Stored data
Lemma reach_eichler_e1 x1 y1 x2 y2 a1 a2 s t c1 c2 : exists X,
  reach 0 (vecL x1 y1 x2 y2 a1 a2)
          (vecL X y1 (x2 + y1 * s) (y2 + y1 * t) (a1 + y1 * c1) (a2 + y1 * c2)).
Proof.
set q := s * t - (c1 * c1 - c1 * c2 + c2 * c2).
exists (x1 - q * y1
  - (x2 * t + y2 * s - 2 * a1 * c1 + a1 * c2 + a2 * c1 - 2 * a2 * c2)).
exists (eichler GramL e1 (vecL 0 0 s t c1 c2) q); rewrite mul0mx; split=> //.
  by apply: (@tOplus_unit_eichler _ _ _ rootA); rewrite !bf_vecL /q; ring.
vecL_eq.
Qed.

Lemma reach_swap_ef1 x1 y1 x2 y2 a1 a2 :
  reach 0 (vecL x1 y1 x2 y2 a1 a2) (vecL y1 x1 x2 y2 a1 a2).
Proof.
exists (rootrefl GramL (vecL 1 (-1) 0 0 0 0)); rewrite mul0mx; split=> //.
  by apply: tOplus_unit_rootrefl; rewrite bf_vecL.
vecL_eq.
Qed.

Lemma reach_eichler_e2 x1 y1 x2 y2 a1 a2 c1 c2 : exists X,
  reach e1 (vecL x1 y1 x2 y2 a1 a2)
           (vecL x1 y1 X y2 (a1 + y2 * c1) (a2 + y2 * c2)).
Proof.
set q := - (c1 * c1 - c1 * c2 + c2 * c2).
exists (x2 - (- 2 * a1 * c1 + a1 * c2 + a2 * c1 - 2 * a2 * c2) - q * y2).
exists (eichler GramL e2 (vecL 0 0 0 0 c1 c2) q); split.
- by apply: (@tOplus_unit_eichler _ _ _ rootA); rewrite !bf_vecL /q; ring.
- vecL_eq.
- vecL_eq.
Qed.

Lemma reach_swap_ef2 x1 y1 x2 y2 a1 a2 :
  reach e1 (vecL x1 y1 x2 y2 a1 a2) (vecL x1 y1 y2 x2 a1 a2).
Proof.
exists (rootrefl GramL (vecL 0 0 1 (-1) 0 0)); split.
- by apply: tOplus_unit_rootrefl; rewrite bf_vecL.
- vecL_eq.
- vecL_eq.
Qed.

Lemma reach_eichler_f2 x1 x2 t :
  reach 0 (vecL x1 0 x2 0 0 0) (vecL (x1 + x2 * t) 0 x2 0 0 0).
Proof.
exists (eichler GramL (vecL 0 0 0 1 0 0) (vecL t 0 0 0 0 0) 0); rewrite mul0mx.
split=> //; last by vecL_eq.
by apply: (@tOplus_unit_eichler _ _ _ rootA); rewrite !bf_vecL; ring.
Qed.

Lemma reach_eichler_f1 x1 x2 t :
  reach 0 (vecL x1 0 x2 0 0 0) (vecL x1 0 (x2 + x1 * t) 0 0 0).
Proof.
exists (eichler GramL (vecL 0 1 0 0 0 0) (vecL 0 0 t 0 0 0) 0); rewrite mul0mx.
split=> //; last by vecL_eq.
by apply: (@tOplus_unit_eichler _ _ _ rootA); rewrite !bf_vecL; ring.
Qed.

End Reach.

(** * Euclidean descent *)

Lemma normA2_bounds (a b m : int) : 0 <= a < m -> 0 <= b < m ->
  0 <= a * a - a * b + b * b < m * m.
Proof.
move=> /andP[a0 am] /andP[b0 bm]; apply/andP; split; first nia.
by have [ab|ba] := lerP a b; nia.
Qed.

Lemma normA2_eq0 (a b : int) : a * a - a * b + b * b = 0 -> a = 0 /\ b = 0.
Proof. by move=> nab; split; nia. Qed.

Lemma abs_lt_of_mul_window (X y P N : int) :
  0 <= P < `|y| * `|y| -> 0 <= N < `|y| * `|y| -> X * y = N - P -> `|X| < `|y|.
Proof. by move=> /andP[? ?] /andP[? ?] ?; nia. Qed.

Lemma modz_bounds (x y : int) : y != 0 -> 0 <= (x %% y)%Z < `|y|.
Proof. by move=> y0; rewrite modz_ge0 // ltz_mod. Qed.

Lemma addr_mulN_divz (x y : int) : x + y * - (x %/ y)%Z = (x %% y)%Z.
Proof. by rewrite {1}(divz_eq x y); ring. Qed.

Section Descent.
Variable R : realType.
Local Notation reach := (reach R).

(* With r2, ..., r5 the remainders mod y1, isotropy of the image reads
   X y1 = N(r4, r5) - r2 r3, where N is the (positive definite) norm of A2
   and both terms lie in [0, y1^2); hence |X| < |y1|. *)
Lemma descent_f1_step x1 y1 x2 y2 a1 a2 : y1 != 0 ->
  bf GramL (vecL x1 y1 x2 y2 a1 a2) (vecL x1 y1 x2 y2 a1 a2) = 0 ->
  exists X r2 r3 r4 r5, `|X| < `|y1| /\
    reach 0 (vecL x1 y1 x2 y2 a1 a2) (vecL y1 X r2 r3 r4 r5).
Proof.
move=> y10 iso.
have [X reachX] := reach_eichler_e1 R x1 y1 x2 y2 a1 a2
  (- (x2 %/ y1)%Z) (- (y2 %/ y1)%Z) (- (a1 %/ y1)%Z) (- (a2 %/ y1)%Z).
rewrite !addr_mulN_divz in reachX.
have := reach_norm reachX; rewrite iso bf_vecL.
have := modz_bounds x2 y10; have := modz_bounds y2 y10.
have := modz_bounds a1 y10; have := modz_bounds a2 y10.
move: (x2 %% y1)%Z (y2 %% y1)%Z (a1 %% y1)%Z (a2 %% y1)%Z reachX
  => r2 r3 r4 r5 reachX b5 b4 b3 b2 norm0.
exists X, r2, r3, r4, r5; split; last first.
  exact: reach_trans reachX (reach_swap_ef1 _ _ _ _ _ _ _).
apply: (abs_lt_of_mul_window (P := r2 * r3) (N := r4 * r4 - r4 * r5 + r5 * r5)).
- by move: b2 b3 => /andP[? ?] /andP[? ?]; apply/andP; split; nia.
- exact: normA2_bounds.
- lia.
Qed.

Lemma descent_f1 x1 y1 x2 y2 a1 a2 :
  bf GramL (vecL x1 y1 x2 y2 a1 a2) (vecL x1 y1 x2 y2 a1 a2) = 0 ->
  exists x1' x2' y2' a1' a2',
    reach 0 (vecL x1 y1 x2 y2 a1 a2) (vecL x1' 0 x2' y2' a1' a2').
Proof.
have [n] := ubnP `|y1|%N; elim: n => // n IH in x1 y1 x2 y2 a1 a2 * => y1n iso.
have [->|y10] := eqVneq y1 0; first by exists x1, x2, y2, a1, a2; apply: reach_refl.
have [X [r2 [r3 [r4 [r5 [Xy1 reach1]]]]]] := descent_f1_step y10 iso.
have iso1 := reach_norm reach1; rewrite iso in iso1.
have [x1' [x2' [y2' [a1' [a2' reach2]]]]] := IH y1 X r2 r3 r4 r5 ltac:(lia) iso1.
by exists x1', x2', y2', a1', a2'; apply: reach_trans reach1 reach2.
Qed.

Lemma descent_f2_step x1 x2 y2 a1 a2 : y2 != 0 ->
  bf GramL (vecL x1 0 x2 y2 a1 a2) (vecL x1 0 x2 y2 a1 a2) = 0 ->
  exists X r4 r5, `|X| < `|y2| /\
    reach e1 (vecL x1 0 x2 y2 a1 a2) (vecL x1 0 y2 X r4 r5).
Proof.
move=> y20 iso.
have [X reachX] := reach_eichler_e2 R x1 0 x2 y2 a1 a2
  (- (a1 %/ y2)%Z) (- (a2 %/ y2)%Z).
rewrite !addr_mulN_divz in reachX.
have := reach_norm reachX; rewrite iso bf_vecL.
have := modz_bounds a1 y20; have := modz_bounds a2 y20.
move: (a1 %% y2)%Z (a2 %% y2)%Z reachX => r4 r5 reachX b5 b4 norm0.
exists X, r4, r5; split; last first.
  exact: reach_trans reachX (reach_swap_ef2 _ _ _ _ _ _ _).
apply: (abs_lt_of_mul_window (P := 0) (N := r4 * r4 - r4 * r5 + r5 * r5)).
- by apply/andP; split=> //; nia.
- exact: normA2_bounds.
- lia.
Qed.

Lemma descent_f2 x1 x2 y2 a1 a2 :
  bf GramL (vecL x1 0 x2 y2 a1 a2) (vecL x1 0 x2 y2 a1 a2) = 0 ->
  exists x2', reach e1 (vecL x1 0 x2 y2 a1 a2) (vecL x1 0 x2' 0 0 0).
Proof.
have [n] := ubnP `|y2|%N; elim: n => // n IH in x2 y2 a1 a2 * => y2n iso.
have [y20|y20] := eqVneq y2 0.
  move: iso; rewrite y20 bf_vecL => iso.
  have [-> ->] : a1 = 0 /\ a2 = 0 by apply: normA2_eq0; lia.
  by exists x2; apply: reach_refl.
have [X [r4 [r5 [Xy2 reach1]]]] := descent_f2_step y20 iso.
have iso1 := reach_norm reach1; rewrite iso in iso1.
have [x2' reach2] := IH y2 X r4 r5 ltac:(lia) iso1.
by exists x2'; apply: reach_trans reach1 reach2.
Qed.

Lemma reach_rotate r b : reach 0 (vecL r 0 b 0 0 0) (vecL b 0 (- r) 0 0 0).
Proof.
have := reach_trans (reach_trans (reach_eichler_f2 R r b 1)
  (reach_eichler_f1 R _ _ (-1))) (reach_eichler_f2 R _ _ 1).
have -> : b + (r + b * 1) * -1 = - r by ring.
by have -> : r + b * 1 + - r * 1 = b by ring.
Qed.

Lemma descent_e2 x1 x2 : exists d,
  reach 0 (vecL x1 0 x2 0 0 0) (vecL d 0 0 0 0 0).
Proof.
have [n] := ubnP `|x2|%N; elim: n => // n IH in x1 x2 * => x2n.
have [->|x20] := eqVneq x2 0; first by exists x1; apply: reach_refl.
have reach1 := reach_trans (reach_eichler_f2 R x1 x2 (- (x1 %/ x2)%Z))
  (reach_rotate _ x2).
rewrite addr_mulN_divz in reach1.
have /andP[r0 rx2] := modz_bounds x1 x20.
have [d reach2] := IH x2 (- (x1 %% x2)%Z) ltac:(lia).
by exists d; apply: reach_trans reach1 reach2.
Qed.

End Descent.

(** * Isotropic lines and planes of L (x) Q *)

Local Notation bfQ := (bf (GramF rat)).

Lemma row_clear_denominators (v : 'rV[rat]_6) :
  exists (k : int) (z : 'rV[int]_6), k != 0 /\ map_mx intr z = k%:~R *: v.
Proof.
exists (\prod_(i < 6) denq (v 0 i)).
exists (\row_(i < 6) (numq (v 0 i) * \prod_(j < 6 | j != i) denq (v 0 j))).
split; first by apply/prodf_neq0 => i _; apply: denq_neq0.
apply/rowP => i; rewrite !mxE [X in _ = X%:~R * _](bigD1 i) //=.
by rewrite !intrM numqE; ring.
Qed.

Lemma isotropic_int_row (k : int) (z : 'rV[int]_6) (v : 'rV[rat]_6) :
  map_mx intr z = k%:~R *: v -> bfQ v v = 0 -> bf GramL z z = 0.
Proof.
move=> zkv vv; apply: (@intr_inj rat).
by rewrite -bf_GramF zkv bfZl bfZr vv !mulr0.
Qed.

Definition e1Q : 'rV[rat]_6 := map_mx intr e1.
Definition e2Q : 'rV[rat]_6 := map_mx intr e2.
(* Kept at type 'M_(1 + 1, 6), where the block-matrix lemmas apply. *)
Definition P0 := col_mx e1Q e2Q.

Lemma map_vecL_e1e2 (a b : int) :
  map_mx intr (vecL a 0 b 0 0 0) = a%:~R *: e1Q + b%:~R *: e2Q.
Proof.
by apply/rowP => -[[|[|[|[|[|[|?]]]]]] ?]; rewrite !mxE /= ?mulr1 ?mulr0 ?addr0 ?add0r.
Qed.

Lemma rank_col_mx_le1 (F : fieldType) n (x y w : 'rV[F]_n) : (x <= w)%MS -> (y <= w)%MS ->
  (\rank (col_mx x y) <= 1)%N.
Proof.
move=> xw yw; apply: leq_trans (rank_leq_row w).
by apply: mxrankS; rewrite col_mx_sub xw yw.
Qed.

Lemma span_e1_e2 (c a b : rat) : c != 0 -> b != 0 ->
  (col_mx (c *: e1Q) (a *: e1Q + b *: e2Q) :=: P0)%MS.
Proof.
move=> c0 b0; rewrite /P0; apply/eqmxP/andP; split; rewrite col_mx_sub;
  apply/andP; split; rewrite -addsmxE.
- exact/scalemx_sub/addsmxSl.
- by apply: addmx_sub; apply: scalemx_sub; [apply: addsmxSl | apply: addsmxSr].
- rewrite [X in (X <= _)%MS](_ : e1Q = c^-1 *: (c *: e1Q)); last by rewrite scalerK.
  exact/scalemx_sub/addsmxSl.
rewrite [X in (X <= _)%MS](_ : e2Q =
    b^-1 *: ((a *: e1Q + b *: e2Q) + (- a / c) *: (c *: e1Q))); last first.
  by rewrite (scalerA (- a / c)) divfK // scaleNr addrC addKr scalerA mulVf // scale1r.
apply: scalemx_sub; apply: addmx_sub; first exact: addsmxSr.
exact/scalemx_sub/addsmxSl.
Qed.


Lemma P0_rank : \rank P0 = 2.
Proof.
have P0P0 : P0 *m P0^T = 1%:M.
  have dotQ (x y : 'rV[int]_6) :
      map_mx intr x *m (map_mx (intr : int -> rat) y)^T = map_mx intr (x *m y^T).
    by rewrite map_mxM map_trmx.
  rewrite /P0 tr_col_mx mul_col_row /e1Q /e2Q !dotQ !vecL_dotmx.
  rewrite !(mulr0, mulr1, addr0, add0r) !map_scalar_mx rmorph0 rmorph1.
  by rewrite (scalar_mx_block 1 1 (1 : rat)).
by apply/eqP/row_freeP; exists P0^T.
Qed.

Lemma P0_gram : P0 *m GramF rat *m P0^T = 0.
Proof.
have bf_mx (x y : 'rV[rat]_6) : x *m GramF rat *m y^T = (bfQ x y)%:M.
  exact: mx11_scalar.
rewrite /P0 mul_col_mx tr_col_mx mul_col_row !bf_mx !bf_GramF !bf_vecL /=.
by rewrite !(mulr0, addr0, subr0) mulr0z !raddf0 block_mx0.
Qed.

Lemma e1Q_sub_P0 : (e1Q <= P0)%MS.
Proof. by rewrite /P0 -addsmxE; apply: addsmxSl. Qed.

Lemma e1Q_isotropic : isotropic_vec e1Q.
Proof.
split; last by rewrite bformE bf_GramF bf_vecL.
by apply/eqP => /rowP /(_ 0); rewrite !mxE.
Qed.

Lemma col_mx_rows2 (T : Type) n (A : 'M[T]_(2, n)) : A = col_mx (row 0 A) (row 1 A).
Proof.
apply/matrixP => i j; rewrite mxE; case: splitP => k ik; rewrite !mxE;
  by congr (A _ _); apply: val_inj; rewrite /= ik ord1.
Qed.

Section NormalForms.
Variable R : realType.

Lemma tOplus_unit_gQ_isometry g : tOplus_unit R g ->
  forall x y, bfQ (x *m gQ g) (y *m gQ g) = bfQ x y.
Proof.
move=> /tOplus_unit_isometry.
by move=> /(isometry_mx_map (intr : {rmorphism int -> rat}))/isometry_mxP.
Qed.

Lemma tOplus_unit_gQ_row_free g : tOplus_unit R g -> row_free (gQ g).
Proof.
move=> /tOplus_unit_inv[h [_ gh]]; rewrite row_free_unit.
have gQgh : gQ g *m gQ h = 1%:M by rewrite -gQM gh gQ1.
by have [] := mulmx1_unit gQgh.
Qed.

Lemma reach_isotropic_e1 z : bf GramL z z = 0 ->
  exists d, reach R 0 z (vecL d 0 0 0 0 0).
Proof.
have [x1 [y1 [x2 [y2 [a1 [a2 ->]]]]]] := vecL_coord z => iso.
have [x1' [x2' [y2' [a1' [a2' reach1]]]]] := descent_f1 R iso.
have iso1 := reach_norm reach1; rewrite iso in iso1.
have [x2'' /reach0 reach2] := descent_f2 R iso1.
have [d reach3] := descent_e2 R x1' x2''.
by exists d; apply: reach_trans reach1 (reach_trans reach2 reach3).
Qed.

* **EXERCISE BRIEF**
Where does the string "addsmxE" appear in the records above? Show every line that holds it.

* **EXERCISE ANSWER**
  apply/andP; split; rewrite -addsmxE.
Proof. by rewrite /P0 -addsmxE; apply: addsmxSl. Qed.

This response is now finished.